-- Task item --
Write out all of the records, keeping each one exactly as written.

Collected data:
Theorem lemma3p16 (R : realType) :
  forall mu : R, 0 < mu -> mu <= 1 ->
  exists eta0 : R, 0 < eta0 /\
  forall eta : R, 0 < eta -> eta <= eta0 ->
  forall eps : R, 0 < eps ->
  exists N : nat, forall n : nat, (N <= n)%N ->
  forall (C : finType) (col : vert n -> vert n -> C),
    two_factorization col ->
    1 - eps <= prob_good col mu eta.
Proof.
move=> mu mu_gt0 mu_le1; have mu01 : 0 <= mu <= 1 by rewrite ltW.
have [m rho_m] : exists m, (1 - mu ^+ 3 / 2) ^+ m <= 4^-1.
  have mu3_gt0 : 0 < mu ^+ 3 by rewrite exprn_gt0.
  have mu3_le1 : mu ^+ 3 <= 1 by rewrite exprn_ile1 // ltW.
  by apply: exists_exprn_le; rewrite ?invr_gt0 //; apply/andP; split; lra.
have M_gt0 : (0 < 3 * m)%N by case: m rho_m => //; rewrite expr0 => rho0; exfalso; lra.
exists (3 * m)%:R^-1; split => [|eta eta_gt0 eta_le eps eps_gt0]; first by rewrite invr_gt0 ltr0n.
have /archi_boundP : 0 <= eps^-1 by rewrite invr_ge0 ltW.
set E := Num.bound _ => epsE.
exists (3 * m * (32 * E * (3 * m) ^ 2))%N => n n_ge C col col_2fact.
set J := (n %/ (3 * m))%N.
have eta_n : eta * n%:R < J.+1%:R.
  apply: le_lt_trans (_ : n%:R / (3 * m)%:R < _); first by rewrite mulrC ler_wpM2l.
  by rewrite ltr_pdivrMr ?ltr0n // -natrM ltr_nat ltn_ceil.
have mJ_le : (3 * m * J <= n)%N by rewrite mulnC leq_divM.
have := le_trans (prob_bad_le_sum col eta mu01) (ler_sum _ (fun u _ => ler_sum _ (fun v _ =>
  pair_failure_le u v col_2fact mu01 rho_m eta_n mJ_le))).
rewrite !sumr_const card_ord -mulrnA mulnn -[_ *+ (_ ^ 2)]mulr_natl.
move/le_trans/(_ (natr_mul_half_expn_le eps_gt0 epsE (sqr_le_exp2_div M_gt0 n_ge))).
lra.
Qed.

-- Response below --
Theorem lemma3p16 (R : realType) :
  forall mu : R, 0 < mu -> mu <= 1 ->
  exists eta0 : R, 0 < eta0 /\
  forall eta : R, 0 < eta -> eta <= eta0 ->
  forall eps : R, 0 < eps ->
  exists N : nat, forall n : nat, (N <= n)%N ->
  forall (C : finType) (col : vert n -> vert n -> C),
    two_factorization col ->
    1 - eps <= prob_good col mu eta.
Proof.
move=> mu mu_gt0 mu_le1; have mu01 : 0 <= mu <= 1 by rewrite ltW.
have [m rho_m] : exists m, (1 - mu ^+ 3 / 2) ^+ m <= 4^-1.
  have mu3_gt0 : 0 < mu ^+ 3 by rewrite exprn_gt0.
  have mu3_le1 : mu ^+ 3 <= 1 by rewrite exprn_ile1 // ltW.
  by apply: exists_exprn_le; rewrite ?invr_gt0 //; apply/andP; split; lra.
have M_gt0 : (0 < 3 * m)%N by case: m rho_m => //; rewrite expr0 => rho0; exfalso; lra.
exists (3 * m)%:R^-1; split => [|eta eta_gt0 eta_le eps eps_gt0]; first by rewrite invr_gt0 ltr0n.
have /archi_boundP : 0 <= eps^-1 by rewrite invr_ge0 ltW.
set E := Num.bound _ => epsE.
exists (3 * m * (32 * E * (3 * m) ^ 2))%N => n n_ge C col col_2fact.
set J := (n %/ (3 * m))%N.
have eta_n : eta * n%:R < J.+1%:R.
  apply: le_lt_trans (_ : n%:R / (3 * m)%:R < _); first by rewrite mulrC ler_wpM2l.
  by rewrite ltr_pdivrMr ?ltr0n // -natrM ltr_nat ltn_ceil.
have mJ_le : (3 * m * J <= n)%N by rewrite mulnC leq_divM.
have := le_trans (prob_bad_le_sum col eta mu01) (ler_sum _ (fun u _ => ler_sum _ (fun v _ =>
  pair_failure_le u v col_2fact mu01 rho_m eta_n mJ_le))).
rewrite !sumr_const card_ord -mulrnA mulnn -[_ *+ (_ ^ 2)]mulr_natl.
move/le_trans/(_ (natr_mul_half_expn_le eps_gt0 epsE (sqr_le_exp2_div M_gt0 n_ge))).
lra.
Qed.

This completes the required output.